There are five main R functions in this package:
These functions together creates the workflow for the NLP system for the LIRE project. The NLP system includes the 26 findings described in Tan et. all (Academic Radiology, 2018), as well as 10 additional rare and serious
findings. Please see File lire_finding_matrix.xlsx
file, Sheet finding_matrix
Column finding_string
for the complete list.
This function takes in a data frame, and segments the imagereporttext
column into the following sections: History
, Exam
, Comparison
, Technique
, Body
, Impression
, Datetime
. Some of these sections may be empty. This code is developed and validated ONLY for the four LIRE sites:
- site = 1: Kaiser Permanente Washington (previously Group Health)

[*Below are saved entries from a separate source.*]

(* Let $(X,r)$ be a non-degenerate symmetric set with $|X|\ge2$ (not necessarily finite), $(G,r_G)$ its associated symmetric group and $(\mathcal{G},r_{\mathcal{G}})$ its permutation group. (1) $(G,r_G)$ has finite multipermutation level if and only if $(X,r)$ is a multipermutation solution; in that case, writing $m=\mathrm{mpl}(G,r_G)$, $$0\le \mathrm{mpl}(\mathcal{G},r_{\mathcal{G}})=m-1\le \mathrm{mpl}(X,r)\le \mathrm{mpl}(G,r_G)=m<\infty.$$ (2) If moreover $(X,r)$ satisfies condition ( * ), then $\mathrm{mpl}(X,r)=m<\infty$ if and only if $\mathrm{mpl}(G,r_G)=m<\infty$. In particular this holds for all square-free solutions $(X,r)$ of arbitrary cardinality.
   Context: A symmetric set is a pair $(X,r)$, $X$ nonempty, $r:X\times X\to X\times X$ a bijection $r(x,y)=({}^xy,x^y)$ that is non-degenerate (all $y\mapsto{}^xy$, $y\mapsto y^x$ bijective), involutive, and satisfies $r^{12}r^{23}r^{12}=r^{23}r^{12}r^{23}$ on $X^3$. It is square-free if $r(x,x)=(x,x)$ for all $x$. Condition ( * ): for every $x\in X$ there is $a\in X$ with ${}^ax=x$. $G=G(X,r)$ is the group generated by $X$ with relations $xy=zt$ whenever $r(x,y)=(z,t)$; $X$ embeds in $G$. A symmetric group is a pair $(G,\sigma)$, $G$ a group, $\sigma(u,v)=({}^uv,u^v)$ an involutive bijection with ${}^a1=1,{}^1u=u,1^u=1,a^1=a$, ${}^{ab}u={}^a({}^bu)$, $a^{uv}=(a^u)^v$, ${}^a(uv)=({}^au)({}^{a^u}v)$, $(ab)^u=(a^{{}^bu})(b^u)$, $uv=({}^uv)(u^v)$; $(G,r_G)$ is $G(X,r)$ with the unique such involutive braiding extending $r$. $\mathcal{L}:G\to\mathrm{Sym}(X)$ extends $x\mapsto(y\mapsto{}^xy)$; $\mathcal{G}=\mathcal{L}(G)$, with symmetric group structure $r_{\mathcal{G}}(\mathcal{L}_a,\mathcal{L}_b)=(\mathcal{L}_{{}^ab},\mathcal{L}_{a^b})$ (well defined since $\ker\mathcal{L}=\{a:{}^au=u\ \forall u\in G\}$). Retraction $\mathrm{Ret}(X,r)=(X/\!\sim,r_{[X]})$, $x\sim y$ iff ${}^xz={}^yz$ for all $z$, $r_{[X]}([x],[y])=([{}^xy],[x^y])$; $\mathrm{mpl}(X,r)=m$ if $m$ is minimal with $\mathrm{Ret}^m(X,r)$ a one-element set (then $(X,r)$ is a multipermutation solution); the mpl of a symmetric group is its mpl as a symmetric set. *)

From Stdlib Require Import Arith ClassicalEpsilon.

Set Implicit Arguments.

Definition bij {A B : Type} (f : A -> B) : Prop :=
  (forall a b, f a = f b -> a = b) /\ (forall b, exists a, f a = b).

(* r(x,y) = (^x y, x^y), written as a curried map *)
Definition lact {X : Type} (r : X -> X -> X * X) (x y : X) : X := fst (r x y).
Definition ract {X : Type} (r : X -> X -> X * X) (x y : X) : X := snd (r x y).

Definition r12 {X : Type} (r : X -> X -> X * X) (t : X * X * X) : X * X * X :=
  match t with (a, b, c) => let (p, q) := r a b in (p, q, c) end.
Definition r23 {X : Type} (r : X -> X -> X * X) (t : X * X * X) : X * X * X :=
  match t with (a, b, c) => let (p, q) := r b c in (a, p, q) end.

Definition nondegenerate {X : Type} (r : X -> X -> X * X) : Prop :=
  forall x, bij (fun y => lact r x y) /\ bij (fun y => ract r y x).

Definition involutive {X : Type} (r : X -> X -> X * X) : Prop :=
  forall x y, r (fst (r x y)) (snd (r x y)) = (x, y).

Definition braided {X : Type} (r : X -> X -> X * X) : Prop :=
  forall t : X * X * X, r12 r (r23 r (r12 r t)) = r23 r (r12 r (r23 r t)).

(* non-degenerate symmetric set (involutive implies r is a bijection) *)
Definition symmetric_set (X : Type) (r : X -> X -> X * X) : Prop :=
  (exists x : X, True) /\ nondegenerate r /\ involutive r /\ braided r.

Definition square_free {X : Type} (r : X -> X -> X * X) : Prop :=
  forall x, r x x = (x, x).

Definition cond_star {X : Type} (r : X -> X -> X * X) : Prop :=
  forall x, exists a, lact r a x = x.

Definition is_group {G : Type} (mul : G -> G -> G) (one : G) (inv : G -> G) : Prop :=
  (forall a b c, mul a (mul b c) = mul (mul a b) c) /\
  (forall a, mul one a = a) /\ (forall a, mul a one = a) /\
  (forall a, mul (inv a) a = one) /\ (forall a, mul a (inv a) = one).

Definition group_hom {G H : Type} (mulG : G -> G -> G) (mulH : H -> H -> H)
  (phi : G -> H) : Prop := forall a b, phi (mulG a b) = mulH (phi a) (phi b).

(* (G, mul, one, inv) together with iota : X -> G is the group
   G(X,r) = < X | xy = zt whenever r(x,y) = (z,t) >, i.e. it satisfies the
   universal property of this presentation. *)
Definition is_structure_group (X : Type) (r : X -> X -> X * X)
  (G : Type) (mul : G -> G -> G) (one : G) (inv : G -> G) (iota : X -> G) : Prop :=
  is_group mul one inv /\
  (forall x y, mul (iota x) (iota y) = mul (iota (fst (r x y))) (iota (snd (r x y)))) /\
  (forall (H : Type) (mulH : H -> H -> H) (oneH : H) (invH : H -> H),
     is_group mulH oneH invH ->
     forall f : X -> H,
       (forall x y, mulH (f x) (f y) = mulH (f (fst (r x y))) (f (snd (r x y)))) ->
       exists phi : G -> H,
         group_hom mul mulH phi /\ (forall x, phi (iota x) = f x) /\
         (forall psi : G -> H, group_hom mul mulH psi ->
            (forall x, psi (iota x) = f x) -> forall g, psi g = phi g)).

(* (G, sigma) is a symmetric group (braided group with involutive braiding) *)
Definition symmetric_group_braiding {G : Type} (mul : G -> G -> G) (one : G)
  (sigma : G -> G -> G * G) : Prop :=
  let la := fun u v => fst (sigma u v) in
  let ra := fun u v => snd (sigma u v) in
  involutive sigma /\
  (forall a, la a one = one) /\ (forall u, la one u = u) /\
  (forall u, ra one u = one) /\ (forall a, ra a one = a) /\
  (forall a b u, la (mul a b) u = la a (la b u)) /\
  (forall a u v, ra a (mul u v) = ra (ra a u) v) /\
  (forall a u v, la a (mul u v) = mul (la a u) (la (ra a u) v)) /\
  (forall a b u, ra (mul a b) u = mul (ra a (la b u)) (ra b u)) /\
  (forall u v, mul u v = mul (la u v) (ra u v)).

Definition extends_braiding {X G : Type} (r : X -> X -> X * X) (iota : X -> G)
  (sigma : G -> G -> G * G) : Prop :=
  forall x y, sigma (iota x) (iota y) = (iota (fst (r x y)), iota (snd (r x y))).

(* L : G -> Sym(X) is the group homomorphism extending x |-> (y |-> ^x y)
   (composition of maps X -> X; L g is then automatically a permutation). *)
Definition is_L {X G : Type} (r : X -> X -> X * X) (mul : G -> G -> G) (one : G)
  (iota : X -> G) (L : G -> X -> X) : Prop :=
  (forall x y, L (iota x) y = lact r x y) /\
  (forall g h y, L (mul g h) y = L g (L h y)) /\
  (forall y, L one y = y).

Record SS := mkSS { car : Type; rmap : car -> car -> car * car }.

Definition sim (A : SS) (x y : car A) : Prop :=
  forall z, fst (rmap A x z) = fst (rmap A y z).

Definition RetCar (A : SS) : Type := { P : car A -> Prop | exists x, P = sim A x }.

Definition cls (A : SS) (x : car A) : RetCar A :=
  exist _ (sim A x) (ex_intro _ x eq_refl).

Definition rep (A : SS) (c : RetCar A) : car A :=
  proj1_sig (constructive_indefinite_description _ (proj2_sig c)).

(* Ret(X,r) = (X/~, r_[X]) with r_[X]([x],[y]) = ([^x y],[x^y]) *)
Definition Ret (A : SS) : SS :=
  @mkSS (RetCar A)
    (fun c d => let a := rep c in let b := rep d in
       (cls A (fst (rmap A a b)), cls A (snd (rmap A a b)))).

Fixpoint RetN (n : nat) (A : SS) : SS :=
  match n with O => A | Datatypes.S k => Ret (RetN k A) end.

Definition one_element (T : Type) : Prop := exists x : T, forall y : T, y = x.

Definition has_mpl (A : SS) (m : nat) : Prop :=
  one_element (car (RetN m A)) /\ forall k, k < m -> ~ one_element (car (RetN k A)).

Definition finite_mpl (A : SS) : Prop := exists m, has_mpl A m.

(* the permutation group calG = L(G), with r_calG(L_a, L_b) = (L_{^a b}, L_{a^b}) *)
Definition PermCar {X G : Type} (L : G -> X -> X) : Type :=
  { f : X -> X | exists g : G, f = L g }.

Definition prep {X G : Type} (L : G -> X -> X) (c : PermCar L) : G :=
  proj1_sig (constructive_indefinite_description _ (proj2_sig c)).

Definition Lelt {X G : Type} (L : G -> X -> X) (g : G) : PermCar L :=
  exist _ (L g) (ex_intro _ g eq_refl).

Definition PermSS {X G : Type} (L : G -> X -> X) (sigma : G -> G -> G * G) : SS :=
  @mkSS (PermCar L)
    (fun c d => let a := prep c in let b := prep d in
       (Lelt L (fst (sigma a b)), Lelt L (snd (sigma a b)))).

- site = 2: Kaiser Permanente Northen California
- site = 3: Henry Ford
- site = 4: Mayo Clinic
The default is site = 2
. If you are NOT using LIRE reports, the algorithm may be inaccurate.
Example usage:
### This is fake data.
text.df <- data.frame(patientID = c("W231", "W2242", "W452", "5235"),
examID = c("631182", "1226", "2090", "1939"),
siteID = c(2,2,2,2),
imageTypeID = c(1,3,1,3),
imagereporttext = c("** HISTORY **: Progressive radicular symptoms for 8 weeks Comparison study: None
** FINDINGS **: Dextroconvex scoliosis with apex at L3.
** IMPRESSION **: Scoliosis present.",
"** FINDINGS **: Disk height loss is present focally.
** IMPRESSION **: Mild to moderate broad-based disc bulge.",
"** FINDINGS **: canal stenosis and mild narrowing of the left latera.
** IMPRESSION **: mild bilateral foraminal narrowing.",
"** FINDINGS **: Disc unremarkable.
** IMPRESSION **: Foraminal stenosis."))
segmented.reports <- SectionSegmentation(text.df, site = 2)
View(segmented.reports)
This function takes in a data frame, with at the minimum these columns:
imageid
: Unique identifier of reportbodyText
: Column of text of report bodyimpressionText
: Column of text of report impressionfindings_longstring
: String of findings separated with ;, for example disc_degeneration;endplate_edema. Full finding list available in thelire_finding_matrix.xlsx
file on GitHub page.
This function assumes reports are sectioned into body and impression. To use this function if only one column of report text is available, please create an extra column for impression and fill it with NA
.
The function passes the data frame to the RuleBasedNLP.jar
file in inst/java
, and outputs sentence level prediction of the following:
- Sentence: The exact sentence from report.
- Section of sentence: Which section (body or impression) sentence is from.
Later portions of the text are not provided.